The Americans, along with the United Nations and the West, pursued the implementation of an ideology by political, military and economic means.  They ignored the tribal nature of the Taliban and forgot their own history so now the Taliban, an ethnically[3] based movement of the Pashtuns, will most likely be declared the winner of the War in Afghanistan 20 years after the infamous 911 attacks on New York City.

The Plan

Bagram Airbase was a sprawling complex that was the headquarters and hub of US military activity in Afghanistan.  It grew over the years to house tens of thousands of US soldiers and friendly forces in the fight to subdue the Taliban and impose Liberalism on the country.  Abandoned by the Americans in the middle of the night a few days before General Miller’s resignation, and with the Taliban surging throughout Afghanistan, Bagram is now a symbol of Liberalism’s defeat.
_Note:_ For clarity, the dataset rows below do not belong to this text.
(* Let $D$ be a domain in a metric measure space $(X,d,\mu)$ of finite Hausdorff dimension $\alpha\geqslant2$ and let $(X',d',\mu')$ be a metric measure space of finite Hausdorff dimension $\alpha'\geqslant2$. Let $Q:D\to[0,\infty]$ be measurable, let $f:D\to X'$ be an open discrete mapping which is a ring $Q$-mapping at $x_0\in D$, and let $0<\varepsilon_0<\operatorname{dist}(x_0,\partial D)$ be such that $\overline{B(x_0,\varepsilon_0)}$ is a compact subset of $D$. Assume that for some $\varepsilon_0'\in(0,\varepsilon_0)$, some function $F(\varepsilon,\varepsilon_0)$ and some family of nonnegative Lebesgue measurable functions $\psi_\varepsilon:(\varepsilon,\varepsilon_0)\to[0,\infty]$, $\varepsilon\in(0,\varepsilon_0')$, $\int_{\varepsilon<d(x,x_0)<\varepsilon_0}Q(x)\psi_\varepsilon^\alpha(d(x,x_0))\,d\mu(x)\leqslant F(\varepsilon,\varepsilon_0)$ and $0<I(\varepsilon,\varepsilon_0):=\int_\varepsilon^{\varepsilon_0}\psi_\varepsilon(t)\,dt<\infty$ for all $\varepsilon\in(0,\varepsilon_0')$. If $f$ satisfies condition $\mathbf{A}$, then $M_{\alpha'}\big(\Gamma(f(\overline{B(x_0,\varepsilon)}),\partial f(B(x_0,\varepsilon_0)),X')\big)\leqslant F(\varepsilon,\varepsilon_0)/I^\alpha(\varepsilon,\varepsilon_0)$ for all $\varepsilon\in(0,\varepsilon_0')$.
   Context: $(X,d,\mu)$, $(X',d',\mu')$ are metric spaces with locally finite Borel measures. $B(x_0,r)=\{x:d(x,x_0)<r\}$, $S(x_0,r)=\{x:d(x,x_0)=r\}$, $A(x_0,r_1,r_2)=\{x:r_1<d(x,x_0)<r_2\}$. $\Gamma(E,F,H)$ is the family of continuous curves $\gamma:[0,1]\to X$ (resp. $X'$) with $\gamma(0)\in E$, $\gamma(1)\in F$, $\gamma(t)\in H$ for $t\in(0,1)$. A Borel $\rho\geqslant0$ is admissible for $\Gamma$ if $\int_\gamma\rho\,ds\geqslant1$ for each locally rectifiable $\gamma\in\Gamma$; $M_{\alpha'}(\Gamma)=\inf_\rho\int_{X'}\rho^{\alpha'}d\mu'$. $f:D\to X'$ is a ring $Q$-mapping at $x_0$ if for all $0<r_1<r_2<\infty$ and every Lebesgue measurable $\eta:(r_1,r_2)\to[0,\infty]$ with $\int_{r_1}^{r_2}\eta\,dr\geqslant1$: $M_{\alpha'}(f(\Gamma(S(x_0,r_1),S(x_0,r_2),A(x_0,r_1,r_2))))\leqslant\int_{A(x_0,r_1,r_2)\cap D}Q(x)\eta^\alpha(d(x,x_0))\,d\mu(x)$. A mapping is discrete if preimages of points are discrete sets, open if it maps open sets to open sets. For an open discrete $f:D\to X'$, a curve $\beta:[a,b)\to X'$ and $x\in f^{-1}(\beta(a))$, a curve $\alpha:[a,c)\to D$ is a maximal $f$-lifting of $\beta$ starting at $x$ if $\alpha(a)=x$, $f\circ\alpha=\beta|_{[a,c)}$, and for no $c<c'\leqslant b$ is there a curve $\alpha':[a,c')\to D$ with $\alpha=\alpha'|_{[a,c)}$ and $f\circ\alpha'=\beta|_{[a,c')}$. Condition $\mathbf{A}$: for every curve $\beta:[a,b)\to X'$ and every $x\in f^{-1}(\beta(a))$, $f$ has a maximal $f$-lifting of $\beta$ starting at $x$. *)

From HB Require Import structures.
From mathcomp Require Import all_boot all_order all_algebra.
From mathcomp Require Import all_classical all_reals all_analysis.
From mathcomp Require Import measurable_realfun.
Set Implicit Arguments.
Unset Strict Implicit.
Unset Printing Implicit Defensive.
Import Order.TTheory GRing.Theory Num.Theory.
The US Army was headquartered at Bagram and the US forces worked the United Nations which had a mission in Kabul called the United Nations Assistance Mission Afghanistan (UNAMA).  UNAMA and the US worked together in implementing complementary mandates for Afghanistan.[4]  The UN effort (supported by the US) was officially three pronged: pacification or elimination of any armed resistance, institution of political institutions along the lines of the West, and implementation of an economic infrastructure based on capitalism.  The three catchwords that summarized the effort were security, governance, and sustainability.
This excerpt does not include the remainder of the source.